Voilà un constat qui pue la vérité. Difficile d’être plus clair et concis sur le sujet.Vous devez absolument comprendre que la drague de rue est une pratique, un sport comparable au tennis ou aux échecs. Plus vous travaillez vos coups, vos enchainements, plus vous serez bon et efficace.Le revers de médaille de ce constat est que comme toute discipline, si vous arrêtez durant un moment, vous allez perdre en niveau et en automatismes. J’en ai fait le triste constat l’année dernière où j’avais du arrêté pour plusieurs mois.

 

« Toujours enchaîner

Qu’elle soit réussie ou ratée, une drague doit toujours en entrainer une autre. »

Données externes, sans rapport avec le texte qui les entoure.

(* Let $A\in\mathbb{C}^{p\times p}$ and $C\in\mathbb{C}^{q\times q}$ be Hermitian positive semidefinite, let $B\in\mathbb{C}^{p\times q}$, and let $H=\begin{bmatrix} A & B\\ B^* & -C\end{bmatrix}$. Then $H$ is nonsingular if and only if the matrices $A+\sqrt{BB^*}$ and $C+\sqrt{B^*B}$ are both positive definite.
   Context: $\sqrt{X}$ denotes the positive semidefinite square root of a positive semidefinite matrix $X$. *)

(* Complex numbers are modelled as R[i] = complex R for an
   arbitrary real number field R : realType (mathcomp-analysis), using the
   complex numbers of mathcomp-real-closed. *)
From HB Require Import structures.
From mathcomp Require Import all_boot all_order all_algebra.
From mathcomp Require Import reals.
From mathcomp.real_closed Require Import complex.
From Stdlib Require Import ClassicalEpsilon.

Set Implicit Arguments.
Unset Strict Implicit.
Unset Printing Implicit Defensive.

Import Order.TTheory GRing.Theory Num.Theory.
Local Open Scope ring_scope.

Definition adjmx {C : numClosedFieldType} m n (M : 'M[C]_(m, n)) : 'M[C]_(n, m) :=
  map_mx Num.conj (M^T).

Definition hermitian {C : numClosedFieldType} n (M : 'M[C]_n) : Prop :=
  adjmx M = M.

Definition psdmx {C : numClosedFieldType} n (M : 'M[C]_n) : Prop :=
  hermitian M /\ forall x : 'cV[C]_n, 0 <= (adjmx x *m M *m x) 0 0.

Definition pdmx {C : numClosedFieldType} n (M : 'M[C]_n) : Prop :=
  hermitian M /\ forall x : 'cV[C]_n, x != 0 -> 0 < (adjmx x *m M *m x) 0 0.

(* It is chosen by Hilbert's epsilon
   operator; for a PSD argument this is exactly the PSD square root. *)
Definition msqrt {C : numClosedFieldType} n (M : 'M[C]_n) : 'M[C]_n :=
  epsilon (inhabits 0) (fun X : 'M[C]_n => psdmx X /\ X *m X = M).

From Pilot Require Import Defs.
From HB Require Import structures.
From mathcomp Require Import all_boot all_order all_algebra.
From mathcomp Require Import reals spectral.
From mathcomp.real_closed Require Import complex.
From Stdlib Require Import ClassicalEpsilon.

(* Write M' for the conjugate transpose.  Both conditions are kernel
   conditions: [sqrt (B B')] has the same kernel as [B'], so [A + sqrt (B B')]
   is positive definite iff [ker A] and [ker B'] meet trivially, and
   symmetrically for [C + sqrt (B' B)].  On the other hand, if [H (x, y) = 0]
   then [x' A x = - x' B y] while [y' C y = y' B' x] is the conjugate of
   [x' B y], so [y' C y = - x' A x]; both forms being nonnegative they vanish,
   whence [A x = C y = 0] and then [B y = B' x = 0].  Hence [ker H] is the
   product of [ker A ∩ ker B'] and [ker C ∩ ker B]. *)

Set Implicit Arguments.
Unset Strict Implicit.
Unset Printing Implicit Defensive.

Import Order.TTheory GRing.Theory Num.Theory.
Local Open Scope ring_scope.

Lemma unitmx_kerP (F : fieldType) n (H : 'M[F]_n) :
  H \in unitmx <-> (forall v : 'cV[F]_n, H *m v = 0 -> v = 0).
Proof.
split=> [H_unit v Hv0|ker0]; first by rewrite -(mulKmx H_unit v) Hv0 mulmx0.
rewrite -unitmx_tr unitmxE unitfE; apply/det0P => -[w w_neq0 wH0].
move: w_neq0; rewrite -trmx_eq0 (ker0 w^T) ?eqxx //.
by rewrite -[H]trmxK -trmx_mul wH0 trmx0.
Qed.

Section PsdMatrices.
Variable K : numClosedFieldType.

Local Notation qform M x := ((adjmx x *m M *m x) 0 0).

Lemma adjmxK m n (M : 'M[K]_(m, n)) : adjmx (adjmx M) = M.
Proof. exact: trmxCK. Qed.

Lemma adjmxM m n k (A : 'M[K]_(m, n)) (B : 'M[K]_(n, k)) :
  adjmx (A *m B) = adjmx B *m adjmx A.
Proof. by rewrite /adjmx trmx_mul map_mxM. Qed.

Lemma adjmxD m n (A B : 'M[K]_(m, n)) : adjmx (A + B) = adjmx A + adjmx B.
Proof. by apply/matrixP => i j; rewrite !mxE rmorphD. Qed.

Lemma adjmxN m n (A : 'M[K]_(m, n)) : adjmx (- A) = - adjmx A.
Proof. by apply/matrixP => i j; rewrite !mxE rmorphN. Qed.

Lemma adjmx_diag n (d : 'rV[K]_n) :
  adjmx (diag_mx d) = diag_mx (map_mx Num.conj d).
Proof. by rewrite /adjmx tr_diag_mx map_diag_mx. Qed.

Lemma adjmx_delta m n (i : 'I_m) (j : 'I_n) :
  adjmx (delta_mx i j : 'M[K]_(m, n)) = delta_mx j i.
Proof. by apply/matrixP => a b; rewrite !mxE rmorph_nat andbC. Qed.

Lemma qform_diag n (d : 'rV[K]_n) (y : 'cV[K]_n) :
  qform (diag_mx d) y = \sum_j d 0 j * `|y j 0| ^+ 2.
Proof.
rewrite mul_mx_diag !mxE; apply: eq_bigr => j _.
by rewrite !mxE normCK [_ * d 0 j]mulrC -mulrA [_ * (y j 0)^*]mulrC.
Qed.

Lemma adjmx_mulmxE n (y : 'cV[K]_n) : (adjmx y *m y) 0 0 = \sum_j `|y j 0| ^+ 2.
Proof. by rewrite mxE; apply: eq_bigr => j _; rewrite !mxE normCK mulrC. Qed.

Lemma adjmx_mulmx_eq0 n (y : 'cV[K]_n) : (adjmx y *m y) 0 0 = 0 -> y = 0.
Proof.
rewrite adjmx_mulmxE => y2_eq0; apply/matrixP => j k; rewrite ord1 mxE.
have y2_ge0 i : 0 <= `|y i 0| ^+ 2 by rewrite exprn_ge0.
have /eqP := @psumr_eq0P _ _ _ _ (fun i _ => y2_ge0 i) y2_eq0 j isT.
by rewrite sqrf_eq0 normr_eq0 => /eqP.
Qed.

Lemma mulmx_adj_eq0 m n (M : 'M[K]_(m, n)) (x : 'cV[K]_m) :
  (M *m adjmx M *m x == 0) = (adjmx M *m x == 0).
Proof.
apply/eqP/eqP => [MMx0|Mx0]; last by rewrite -mulmxA Mx0 mulmx0.
apply: adjmx_mulmx_eq0.
by rewrite adjmxM adjmxK -mulmxA (mulmxA M) MMx0 mulmx0 mxE.
Qed.

Lemma psdmx_mulmx_adj m n (B : 'M[K]_(m, n)) : psdmx (B *m adjmx B).
Proof.
split=> [|x]; first by rewrite /Defs.hermitian adjmxM adjmxK.
have -> : adjmx x *m (B *m adjmx B) *m x
          = adjmx (adjmx B *m x) *m (adjmx B *m x).
  by rewrite adjmxM adjmxK !mulmxA.
by rewrite adjmx_mulmxE; apply: sumr_ge0 => j _; rewrite exprn_ge0.
Qed.

Lemma psdmx_conj_diag n (P : 'M[K]_n) (d : 'rV[K]_n) :
  (forall j, 0 <= d 0 j) -> psdmx (adjmx P *m diag_mx d *m P).
Proof.
move=> d_ge0; split=> [|x].
  rewrite /Defs.hermitian !adjmxM adjmxK adjmx_diag mulmxA.
  congr (_ *m diag_mx _ *m _).
  by apply/matrixP => i j; rewrite mxE ord1 geC0_conj.
rewrite !mulmxA -adjmxM -!mulmxA mulmxA qform_diag.
by apply: sumr_ge0 => j _; rewrite mulr_ge0 ?exprn_ge0.
Qed.

Lemma psdmx_spectral n (M : 'M[K]_n) : psdmx M ->
  exists (P : 'M[K]_n) (d : 'rV[K]_n),
    [/\ P \is unitarymx, forall j, 0 <= d 0 j & M = adjmx P *m diag_mx d *m P].
Proof.
move=> [M_herm M_ge0].
have PU := spectral_unitarymx M.
have /orthomx_spectralP : M \is normalmx.
  by apply/normalmxP; change (M *m adjmx M = adjmx M *m M); rewrite M_herm.
rewrite invmx_unitary // => M_eq.
set P := spectralmx M in PU M_eq *; set d := spectral_diag M in M_eq *.
change (M = adjmx P *m diag_mx d *m P) in M_eq.
exists P, d; split=> // j.
have := M_ge0 (adjmx ('e_j *m P)).
rewrite (adjmxK ('e_j *m P)) M_eq adjmxM !mulmxA !mulmxtVK // adjmx_delta.
by rewrite -rowE row_diag_mx -scalemxAl mul_delta_mx !mxE eqxx mulr1.
Qed.

Lemma psdmx_sqrt n (M : 'M[K]_n) : psdmx M -> exists S, psdmx S /\ S *m S = M.
Proof.
move=> /psdmx_spectral [P [d [PU d_ge0 ->]]].
pose s := map_mx sqrtC d.
have s_ge0 j : 0 <= s 0 j by rewrite mxE sqrtC_ge0.
exists (adjmx P *m diag_mx s *m P); split; first exact: psdmx_conj_diag.
rewrite !mulmxA mulmxtVK // -(mulmxA (adjmx P)) mulmx_diag.
congr (_ *m diag_mx _ *m _).
by apply/matrixP => i j; rewrite ord1 !mxE -expr2 sqrtCK.
Qed.

Lemma msqrtP n (M : 'M[K]_n) :
  psdmx M -> psdmx (msqrt M) /\ msqrt M *m msqrt M = M.
Proof.
move=> /psdmx_sqrt.
exact: (epsilon_spec (inhabits 0) (fun X => psdmx X /\ X *m X = M)).
Qed.

Lemma psdmx_qform_eq0 n (M : 'M[K]_n) (x : 'cV[K]_n) :
  psdmx M -> qform M x = 0 -> M *m x = 0.
Proof.
move=> /psdmx_sqrt [S [[S_herm _] <-]] Sx2_eq0.
suff Sx0 : S *m x = 0 by rewrite -mulmxA Sx0 mulmx0.
by apply: adjmx_mulmx_eq0; rewrite adjmxM S_herm -Sx2_eq0 !mulmxA.
Qed.

Lemma msqrt_mulmx_adj_eq0 m n (B : 'M[K]_(m, n)) (x : 'cV[K]_m) :
  (msqrt (B *m adjmx B) *m x == 0) = (adjmx B *m x == 0).
Proof.
have [[S_herm _] SS] := msqrtP (psdmx_mulmx_adj B).
set S := msqrt _ in S_herm SS *.
by rewrite -[in LHS]S_herm -(mulmx_adj_eq0 S) S_herm SS mulmx_adj_eq0.
Qed.

Lemma pdmx_addP n (A S : 'M[K]_n) : psdmx A -> psdmx S ->
  pdmx (A + S) <-> (forall x : 'cV[K]_n, A *m x = 0 -> S *m x = 0 -> x = 0).
Proof.
move=> A_psd S_psd; split=> [[_ AS_gt0] x Ax0 Sx0|ker0].
  apply/eqP; apply: contraT => /AS_gt0.
  by rewrite -mulmxA mulmxDl Ax0 Sx0 addr0 mulmx0 mxE ltxx.
split=> [|x x_neq0]; first by rewrite /Defs.hermitian adjmxD A_psd.1 S_psd.1.
rewrite mulmxDr mulmxDl mxE lt_def addr_ge0 ?A_psd.2 ?S_psd.2 // andbT.
rewrite paddr_eq0 ?A_psd.2 ?S_psd.2 //.
apply: contra x_neq0 => /andP[/eqP qA0 /eqP qS0].
by rewrite (ker0 x (psdmx_qform_eq0 A_psd qA0) (psdmx_qform_eq0 S_psd qS0)).
Qed.

Lemma pdmx_add_msqrtP m n (A : 'M[K]_m) (B : 'M[K]_(m, n)) : psdmx A ->
  pdmx (A + msqrt (B *m adjmx B)) <->
  (forall x : 'cV[K]_m, A *m x = 0 -> adjmx B *m x = 0 -> x = 0).
Proof.
move=> A_psd; rewrite pdmx_addP //; last exact: (msqrtP (psdmx_mulmx_adj B)).1.
split=> ker0 x Ax0 /eqP Bx0; apply: ker0 => //; apply/eqP.
  by rewrite msqrt_mulmx_adj_eq0.
by rewrite -msqrt_mulmx_adj_eq0.
Qed.

Lemma hermitian_block_kerP p q (A : 'M[K]_p) (C : 'M[K]_q) (B : 'M[K]_(p, q))
    (x : 'cV[K]_p) (y : 'cV[K]_q) : psdmx A -> psdmx C ->
  block_mx A B (adjmx B) (- C) *m col_mx x y = 0 <->
  [/\ A *m x = 0, adjmx B *m x = 0, C *m y = 0 & B *m y = 0].
Proof.
move=> A_psd C_psd; rewrite mul_block_col -col_mx0 mulNmx.
split=> [/eq_col_mx [Axy0 Bxy0]|[-> -> -> ->]]; last by rewrite oppr0 !addr0.
have xBy : adjmx x *m B *m y = - (adjmx x *m A *m x).
  by apply/eqP; rewrite -addr_eq0 addrC -!mulmxA -mulmxDr Axy0 mulmx0.
have yCy : adjmx y *m C *m y = - (adjmx x *m A *m x).
  have := congr1 (mulmx (adjmx y)) Bxy0.
  rewrite mulmxDr mulmxN mulmx0 !mulmxA => /subr0_eq <-.
  rewrite (_ : _ *m _ *m x = adjmx (adjmx x *m B *m y)).
    by rewrite xBy adjmxN !adjmxM adjmxK A_psd.1 mulmxA.
  by rewrite !adjmxM adjmxK mulmxA.
have qCA : qform C y = - qform A x by rewrite yCy mxE.
have qA0 : qform A x = 0.
  by apply/le_anti; rewrite A_psd.2 andbT -oppr_ge0 -qCA C_psd.2.
have Ax0 := psdmx_qform_eq0 A_psd qA0.
have Cy0 : C *m y = 0 by apply: psdmx_qform_eq0; rewrite // qCA qA0 oppr0.
by move: Axy0 Bxy0; rewrite Ax0 Cy0 add0r oppr0 addr0.
Qed.

End PsdMatrices.

Local Open Scope complex_scope.

Theorem corollary2p2 (R : realType) (p q : nat)
  (A : 'M[R[i]]_p) (C : 'M[R[i]]_q) (B : 'M[R[i]]_(p, q)) :
  psdmx A -> psdmx C ->
  let H : 'M[R[i]]_(p + q) := block_mx A B (adjmx B) (- C) in
  H \in unitmx <->
  (pdmx (A + msqrt (B *m adjmx B)) /\ pdmx (C + msqrt (adjmx B *m B))).
Proof.
move=> A_psd C_psd H.
rewrite unitmx_kerP (pdmx_add_msqrtP B A_psd).
have := pdmx_add_msqrtP (adjmx B) C_psd; rewrite adjmxK => ->.
split=> [ker0|[kerAB kerCB] v].
  split=> [x Ax0 Bx0 | y Cy0 By0].
  - have /eqP : col_mx x 0 = 0 :> 'cV_(p + q).
      by apply/ker0/hermitian_block_kerP; rewrite ?mulmx0.
    by rewrite col_mx_eq0 => /andP[/eqP].
  - have /eqP : col_mx 0 y = 0 :> 'cV_(p + q).
      by apply/ker0/hermitian_block_kerP; rewrite ?mulmx0.
    by rewrite col_mx_eq0 => /andP[_ /eqP].
rewrite -[v]vsubmxK => /hermitian_block_kerP [//|//|Ax0 Bx0 Cy0 By0].
by rewrite (kerAB _ Ax0 Bx0) (kerCB _ Cy0 By0) col_mx0.
Qed.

Voilà un secret de jedi des rues. Il faut toujours enchainer. Cela permet de ne jamais rester sur un échec, de plus il n’y a rien de mieux que l’utilisation de l’énergie accumulée lors de la précédente interaction pour se surpasser. On peut de surcroît, utiliser le souvenir frais de l’interaction précédente pour faire des micro-ajustements dans notre méthode et viser la perfection. 

 

« L’utile recours au stéréotypes

Pratiquée dans l’urgence de la rue, la drague n’a ni le temps, ni les moyens de la subtilité. Et comme les filles de leur coté n’ont pas toujours la sensibilité qu’il faut pour deviner les beautés cachées du dragueur mieux vaut pour lui en rajouter »

C’est un sujet très sensible et politiquement incorrect mais l’utilisation des stéréotypes est primordiale lorsqu’on drague dans la rue. Pour ressembler à l’idée qu’on s’en fait, le blondinet devra se la jouer surfeur cool, le dragueur noir devra se faire danseur, le brun méditerranéen devra se la jouer badboy rebelle…

alors qu’ils sont en réalité tous les trois étudiants en droit. Ca peut paraître triste et caricatural mais c’est le constat d’une réalité du terrain. J’avais testé une expérience pendant 1 mois j’ai dit que j’étais manager et l’autre mois j’ai dis que je travaillais à Mc donald, triste constat J’ai eu bien plus de succès e disant que j’étais manager que en disant que je travaillais au Mc donald, fais l’expérience tu verras .

On en arrive à la difficile question du mensonge. Comment faire pour s’accorder à certains stéréotypes excitants pour la fille sinon que par le mensonge.Là encore, je risque de m’attirer les foudres de nombreux bien pensants cependant il faut comprendre que le mensonge fait partie intégrante de la vie des gros dragueurs, ceux qui enchaînent beaucoup de filles. Lorsque je sais que je reverrai pas ou peu la fille, je n’hésite jamais à enjoliver la réalité, voire mentir sur mon origine, ma profession, mes expériences…Là encore c’est une vérité très cruelle et immorale cependant la réalité du terrain est sans appel. Les filles se donnent facilement à celui qui leur donne du rêve.   

 

La vision qu’à Alain Soral de la drague de rue est violente et rude. Malheureusement la grosse majorité de ces idées difficiles à encaisser sont des vérités que j’ai pu vérifier sur le terrain. Je ne pousse évidemment personne au mensonge ou à l’immoralité. Chacun est libre de respecter la morale qu’il désire, cependant certaines constantes des comportements humains doivent être comprises et prises en compte si vous souhaitez atteindre un certain niveau d’efficacité.